**Exercise aim**
Each line from the one containing "exists e. auto." to the final line of the listing below must be transcribed exactly; all others are left out.

**Available data**
Lemma fsbig_nbrs_window x (F : V -> R) : inner x -> (forall y, w x y = 0 -> F y = 0) ->
  \sum_(y \in nbrs w x) F y = \sum_(y <- window) F y.
Proof.
move=> ix F0; rewrite (fsbig_fwiden window) ?fset_uniq //.
- by move=> y; exact: adjacent_inner_window.
- by move=> y [_ /w_eq0 /F0].
Qed.

Lemma laplacian_window f x : inner x ->
  m x * laplacian m w f x = \sum_(y <- window) w x y * (f y - f x).
Proof.
move=> ix; rewrite /laplacian (fsbig_nbrs_window ix); last by move=> y ->; rewrite !mul0r.
rewrite mulr_sumr; apply: eq_bigr => y _; by rewrite mulrCA mulrA divfK // lt0r_neq0 ?m_gt0.
Qed.

Lemma Gamma_window f x : inner x ->
  Gamma m w f x * m x = 2^-1 * \sum_(y <- window) w x y * (f y - f x) ^+ 2.
Proof.
move=> ix; rewrite /Gamma (fsbig_nbrs_window ix); last by move=> y ->; rewrite !mul0r.
rewrite -mulrA mulr_suml; congr (_ * _); apply: eq_bigr => y _.
by rewrite mulrAC divfK // lt0r_neq0 ?m_gt0.
Qed.

Lemma intrinsic_window x : inner x -> \sum_(y <- window) w x y * rho x y ^+ 2 <= m x.
Proof.
by move=> ix; rewrite -(fsbig_nbrs_window ix) ?intrinsic_rho // => y ->; rewrite mul0r.
Qed.

Local Notation D := (pair_sum w window).

Lemma green_window h f : (forall x, ~ inner x -> h x = 0) ->
  \sum_(x <- window) h x * (m x * laplacian m w f x)
  = - 2^-1 * D (fun x y => (h y - h x) * (f y - f x)).
Proof.
move=> h0.
have hL : \sum_(x <- window) h x * (m x * laplacian m w f x)
          = D (fun x y => h x * (f y - f x)).
  rewrite pair_sum_rowZ; apply: eq_bigr => x _.
  by case: (pselect (inner x)) => ix; [rewrite laplacian_window | rewrite h0 // !mul0r].
have -> : D (fun x y => (h y - h x) * (f y - f x))
          = -1 * D (fun x y => h x * (f y - f x) + h y * (f x - f y)).
  by rewrite -pair_sumZ; apply: eq_pair_sum => x y; ring.
rewrite hL (pair_sum_symmetrize _ w_sym (fun x y => h x * (f y - f x))).
by field.
Qed.

Lemma pair_sum_Gamma c f : (forall x, ~ inner x -> c x = 0) ->
  D (fun x y => c x * (f y - f x) ^+ 2)
  = 2 * \sum_(x <- window) c x * (Gamma m w f x * m x).
Proof.
move=> c0; rewrite pair_sum_rowZ mulr_sumr; apply: eq_bigr => x _.
case: (pselect (inner x)) => ix; last by rewrite c0 // !mul0r mulr0.
by rewrite Gamma_window //; field.
Qed.

Definition cutoff (b : R) (x : V) : R := clamp01 ((b - rho x x0) / r).

Lemma cutoff_ge0 b x : 0 <= cutoff b x. Proof. exact: clamp01_ge0. Qed.
Lemma cutoff_le1 b x : cutoff b x <= 1. Proof. exact: clamp01_le1. Qed.

Lemma cutoff_eq1 b x : rho x x0 <= b - r -> cutoff b x = 1.
Proof. by move=> xb; apply: clamp01_eq1; rewrite ler_pdivlMr //; lra. Qed.

Lemma cutoff_eq0 b x : b <= rho x x0 -> cutoff b x = 0.
Proof. move=> xb; apply: clamp01_eq0; rewrite pmulr_lle0 ?invr_gt0 //; lra. Qed.

Lemma cutoff_sqr_sub_le b x y : (cutoff b y - cutoff b x) ^+ 2 <= rho x y ^+ 2 / r ^+ 2.
Proof.
apply: le_trans (clamp01_sqr_sub_le _ _) _.
have -> : (b - rho y x0) / r - (b - rho x x0) / r = (rho x x0 - rho y x0) / r.
  by field; rewrite lt0r_neq0.
rewrite expr_div_n ler_pM2r ?invr_gt0 ?exprn_gt0 //.
have := rho_triangle x y x0; have := rho_triangle y x x0; rewrite (rho_sym y x).
by have := rho_ge0 x y; nra.
Qed.

Section Cutoff.
Variable b : R.
Hypothesis b_le : b <= 4 * r.

Lemma cutoff_outer x : ~ inner x -> cutoff b x = 0.
Proof. move=> /negP; rewrite /inner -ltNge => ix; apply: cutoff_eq0.
by have := r_gt0; have := b_le; lra. Qed.

Lemma cutoff_outer_adjacent x y : ~ inner x -> w x y * cutoff b y = 0.
Proof.
move=> /negP; rewrite /inner -ltNge => ix.
case: (pselect (adjacent w x y)) => xy; last by rewrite w_eq0 // mul0r.
rewrite cutoff_eq0 ?mulr0 //; have := rho_center_adjacent xy.
by have := r_gt0; have := b_le; lra.
Qed.

Lemma cutoff_gradient_le x :
  \sum_(y <- window) w x y * (cutoff b y - cutoff b x) ^+ 2 <= m x / r ^+ 2.
Proof.
case: (pselect (inner x)) => ix.
  apply: le_trans (_ : \sum_(y <- window) w x y * rho x y ^+ 2 / r ^+ 2 <= _).
    by apply: ler_sum => y _; rewrite -mulrA ler_wpM2l ?w_ge0 ?cutoff_sqr_sub_le.
  rewrite -mulr_suml ler_wpM2r ?intrinsic_window //.
  by rewrite invr_ge0 exprn_ge0 // ltW.
rewrite big1; first by apply: divr_ge0; [exact: m_ge0 x | exact: exprn_ge0 (ltW r_gt0)].
move=> y _; rewrite (cutoff_outer ix) subr0 expr2 mulrA.
by rewrite (cutoff_outer_adjacent y ix) mul0r.
Qed.

Lemma pair_sum_cutoff_le (f : V -> R) : (forall x, 0 <= f x) ->
  D (fun x y => f x * (cutoff b y - cutoff b x) ^+ 2)
  <= r ^- 2 * \sum_(x <- window) f x * m x.
Proof.
move=> f0; rewrite pair_sum_rowZ mulr_sumr; apply: ler_sum => x _.
by rewrite mulrCA ler_wpM2l // mulrC cutoff_gradient_le.
Qed.

End Cutoff.

Definition phi : V -> R := cutoff (2 * r).
Definition psi : V -> R := cutoff (4 * r).

Lemma two_r_le_four_r : 2 * r <= 4 * r. Proof. by have := r_gt0; lra. Qed.

Lemma phi_outer x : ~ inner x -> phi x = 0.
Proof. exact: (cutoff_outer two_r_le_four_r). Qed.
Lemma psi_outer x : ~ inner x -> psi x = 0. Proof. exact: (cutoff_outer (lexx _)). Qed.

Lemma phi_mul_le_psi x y : phi x * phi y <= psi x ^+ 2.
Proof.
case: (lerP (rho x x0) (3 * r)) => x3; last first.
  by rewrite /phi cutoff_eq0 ?mul0r ?sqr_ge0 //; have := r_gt0; lra.
rewrite /psi cutoff_eq1 ?expr1n; last by lra.
by rewrite -(mulr1 1) ler_pM ?cutoff_ge0 ?cutoff_le1.
Qed.
Lemma small_subsolution : (exists s, spectral_abscissa n (mDpB d B) s /\ 0 < s) ->
  exists y, in_Xi n y /\ ~ veq n y zerov /\
    forall i, (i < n)%nat -> node_balance (d i) (h i) (mv n B y i) (y i) <= 0.
Proof.
  intros Hs.
  destruct (positive_subsolution n d B B_nonneg Hs) as [a [r [Hr [Ha0 [[i0 [Hi0 Hai0]] Hsub]]]]].
  assert (HBa : forall i, (i < n)%nat -> 0 <= mv n B a i) by (intros; apply mv_nonneg; auto).
  destruct (exists_uniform_small n (fun j e => (j < n)%nat ->
              e * a j <= 1 /\ (0 < a j -> h j (e * a j) + e * mv n B a j <= r))) as [ep [Hep Hep']].
  { intros j e e' He' H1 Hj. destruct (H1 Hj) as [H1a H1b]. specialize (Ha0 j Hj).
    assert (0 <= e' * a j <= e * a j) by (split; [apply Rmult_le_pos | apply Rmult_le_compat_r]; lra).
    split; [lra |]. intros Haj. specialize (H1b Haj).
    assert (h j (e' * a j) <= h j (e * a j)) by (apply h_monotone; auto; unfold I01; lra).
    assert (e' * mv n B a j <= e * mv n B a j) by (apply Rmult_le_compat_r; [apply HBa; auto | lra]).
    lra. }
  { intros j Hj. destruct (Ha0 j Hj) as [Haj|Haj].
    - destruct (exists_small_scale (h j) (a j) (mv n B a j) r (h_good j Hj) Haj (HBa j Hj) Hr)
        as [e [He [H1 H2]]].
      exists e. auto.
    - exists 1. split; [lra |]. intros _. rewrite <- Haj. split; [lra | intros; lra]. }
  assert (Hy : in_Xi n (fun i => ep * a i)).
  { intros i Hi. split; [apply Rmult_le_pos; [lra | apply Ha0; auto] | apply (Hep' i Hi Hi)]. }
  exists (fun i => ep * a i). split; [auto | split].
  - intros Hv. specialize (Hv i0 Hi0). unfold zerov in Hv. nra.
  - intros i Hi. unfold node_balance. rewrite clamp01_id, mv_scal by (apply Hy; auto).
    specialize (d_pos i Hi). specialize (Hsub i Hi). destruct (Ha0 i Hi) as [Hai|Hai].
    + destruct (Hep' i Hi Hi) as [_ H2]. specialize (H2 Hai).
      assert (0 < ep * a i) by (apply Rmult_lt_0_compat; auto).
      assert (ep * a i * (d i + h i (ep * a i) + ep * mv n B a i) <= ep * a i * (d i + r))
        by (apply Rmult_le_compat_l; lra).
      assert (ep * (r * a i) <= ep * (mv n B a i - d i * a i)) by (apply Rmult_le_compat_l; lra).
      nra.
    + rewrite <- Hai. assert (0 <= ep * mv n B a i) by (apply Rmult_le_pos; [lra | apply HBa; auto]).
      nra.
Qed.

**Answer to this problem**
      exists e. auto.
    - exists 1. split; [lra |]. intros _. rewrite <- Haj. split; [lra | intros; lra]. }
  assert (Hy : in_Xi n (fun i => ep * a i)).
  { intros i Hi. split; [apply Rmult_le_pos; [lra | apply Ha0; auto] | apply (Hep' i Hi Hi)]. }
  exists (fun i => ep * a i). split; [auto | split].
  - intros Hv. specialize (Hv i0 Hi0). unfold zerov in Hv. nra.
  - intros i Hi. unfold node_balance. rewrite clamp01_id, mv_scal by (apply Hy; auto).
    specialize (d_pos i Hi). specialize (Hsub i Hi). destruct (Ha0 i Hi) as [Hai|Hai].
    + destruct (Hep' i Hi Hi) as [_ H2]. specialize (H2 Hai).
      assert (0 < ep * a i) by (apply Rmult_lt_0_compat; auto).
      assert (ep * a i * (d i + h i (ep * a i) + ep * mv n B a i) <= ep * a i * (d i + r))
        by (apply Rmult_le_compat_l; lra).
      assert (ep * (r * a i) <= ep * (mv n B a i - d i * a i)) by (apply Rmult_le_compat_l; lra).
      nra.
    + rewrite <- Hai. assert (0 <= ep * mv n B a i) by (apply Rmult_le_pos; [lra | apply HBa; auto]).
      nra.
Qed.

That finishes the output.